Director of Business Services Christine Healy provided an update on the current year’s budget saying, “we’re still doing pretty well.” She said there were a few deficits including in the superintendent category due to conferences and travel that is mandated by her contract. There is also a deficit in homeless transportation at the middle school level though Healy said that will be balanced out by the surplus at the high school level. There is a deficit of about $1,100 for athletics as they haven’t been able to raise any revenues due to COVID restrictions. Finally, a deficit of $36,000 exists for unemployment as Healy said it was a difficult summer with many people collecting.
Proulx presented on the preliminary budget process for the coming year. She said that principals were asked to prepare a level service budget that would encapsulate only what it would take to maintain current staffing and programs. Proulx said that the preliminary budget does not include the costs for staffing the current hybrid model because it is assuming a return to full, in-person learning next year. It does reflect shared costs though it has not been adjusted for potential retirements.
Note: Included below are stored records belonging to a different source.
Lemma noise_abs_le p s' : Rabs (noise p s') <= c_noise.
Proof.
have := bellman_mean_abs_le p; have := maxA_abs_le a0 Qstar s'.
have := supnorm_ge0 Qstar; rewrite /noise /c_noise Rabs_mult (Rabs_pos_eq beta); last lra.
move=> ? ? ?; have : Rabs (maxA Qstar s' - bellman_mean p) <= 2 * supnorm Qstar.
{ by split_Rabs; lra. }
have := Rabs_pos (maxA Qstar s' - bellman_mean p); nra.
Qed.

Lemma noise_mean0 p : \big[Rplus/0]_(s' : S) (P p.2 p.1 s' * noise p s') = 0.
Proof.
rewrite (eq_bigr (fun s' => beta * (P p.2 p.1 s' * maxA Qstar s')
                           + P p.2 p.1 s' * (- beta * bellman_mean p))).
- by rewrite big_split /= -big_distrr /= rsum_P_mul /bellman_mean; ring.
- by move=> s' _; rewrite /noise; ring.
Qed.

Lemma err_qstep eps j Q (sigma : {ffun S * A -> S}) p :
  err (qstep rew beta eps j Q sigma) p =
  (1 - eps j) * err Q p + eps j * (beta * (maxA Q (sigma p) - maxA Qstar (sigma p)))
  + eps j * noise p (sigma p).
Proof.
case: p => s a; rewrite /err /qstep /noise /bellman_mean /=.
set m := \big[Rplus/0]_s' _.
have -> : Qstar s a = rew s a + beta * m by rewrite -(Qstar_fixed s a).
ring.
Qed.

Lemma potential_qstep_le eps j lam Q (sigma : {ffun S * A -> S}) :
  0 <= lam -> 0 <= eps j ->
  potential lam (qstep rew beta eps j Q sigma) <=
  exp (lam * eps j * beta * supnorm (Qsub Q Qstar)) *
  \big[Rplus/0]_(p : S * A)
     (exp ((1 - eps j) * (lam * err Q p)) * exp (lam * eps j * noise p (sigma p))
      + exp (- ((1 - eps j) * (lam * err Q p))) * exp (- (lam * eps j) * noise p (sigma p))).
Proof.
move=> lam_ge0 eps_ge0; rewrite big_distrr /potential /cosh_sum; apply: rsum_le => p /=.
have D_le : Rabs (beta * (maxA Q (sigma p) - maxA Qstar (sigma p)))
             <= beta * supnorm (Qsub Q Qstar).
{ rewrite Rabs_mult Rabs_pos_eq; last lra.
  by apply: Rmult_le_compat_l; [lra | exact: maxA_lipschitz]. }
rewrite err_qstep; set D := beta * (_ - _) in D_le *.
have [D_le1 D_le2] : D <= beta * supnorm (Qsub Q Qstar) /\ - D <= beta * supnorm (Qsub Q Qstar).
{ by split_Rabs; lra. }
have lam_eps_ge0 := Rmult_le_pos _ _ lam_ge0 eps_ge0.
rewrite [X in _ <= X]Rmult_plus_distr_l -!exp_plus.
by apply: Rplus_le_compat; apply: exp_le_exp; nra.
Qed.
Lemma wnorm2_inv_sq_high_le (s : R) (N : nat) (c : Z -> R) : (1 <= N)%nat ->
  (forall j, (Z.abs j <= Z.of_nat N)%Z -> c j = 0) ->
  ex_series (zpair (wsq s c)) ->
  ex_series (zpair (fun j => wsq s c j * inv_sq j)) /\
  Series (zpair (fun j => wsq s c j * inv_sq j)) <= / INR N ^ 2 * wnorm2 s c.
Proof.
  intros HN Hc Ec; unfold wnorm2; rewrite <- Series_scal_l.
  rewrite (Series_ext (fun n => _ * _) (zpair (fun j => / INR N ^ 2 * wsq s c j)))
    by (intro; unfold zpair; ring).
  apply Series_zpair_le.
  - intros j _; pose proof (wsq_nonneg s c j); pose proof (inv_sq_nonneg j); split; [nra|].
    destruct (Z_le_gt_dec (Z.abs j) (Z.of_nat N)) as [Hlow|Hhigh].
    + unfold wsq; rewrite Hc by auto; nra.
    + pose proof (inv_sq_le_high N j HN ltac:(lia)); nra.
  - apply (ex_series_ext_R (fun n => / INR N ^ 2 * zpair (wsq s c) n));
      [intro; unfold zpair; ring|apply ex_series_scal_R; auto].
Qed.

(* Since [/ 0 = 0], the kernel vanishes at the excluded modes [x = 0] and [y = 0]. *)
Definition kernel (x y : Z) : R := Rabs (/ (IZR x * IZR y)).

Lemma kernel_nonneg (x y : Z) : 0 <= kernel x y.
Proof. apply Rabs_pos. Qed.

Lemma kernel_0_l (y : Z) : kernel 0 y = 0.
Proof. unfold kernel; rewrite Rmult_0_l, Rinv_0, Rabs_R0; auto. Qed.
The increase in the preliminary budget from the current year is $714,168 or 2.67 percent. “Right out the gate, to see something under a three percent increase is surprising,” Chair Paula Hatch commented on the lower than usual percentage increase.
Proulx also gave an update on overall enrollment. At the secondary level, the total enrollment is down 21 students from last year. Homeschool enrollment has increased by 10 students in Grades 7-12 and students leaving the district through school choice has increased by 2 students. Proulx said she was waiting to hear if the state would hold the decrease in enrollment against the district given the circumstances surrounding the current school year.
President of the Silver Lake Education Association (SLEA) Jon Lay spoke briefly saying he was “very pleased that we were able to settle the teacher’s contract… I’m hoping that we can settle those things more expeditiously in the future.” He also spoke to what he called the “light at the end of the tunnel with the pandemic” saying that he would like to see the staff vaccinated quickly. The staff will be eligible during Phase 2 which is scheduled for February to March. Lay also said that he spoke with Proulx about having Silver Lake handle the vaccinations directly as employers with more than 200 employees are eligible to administer them directly.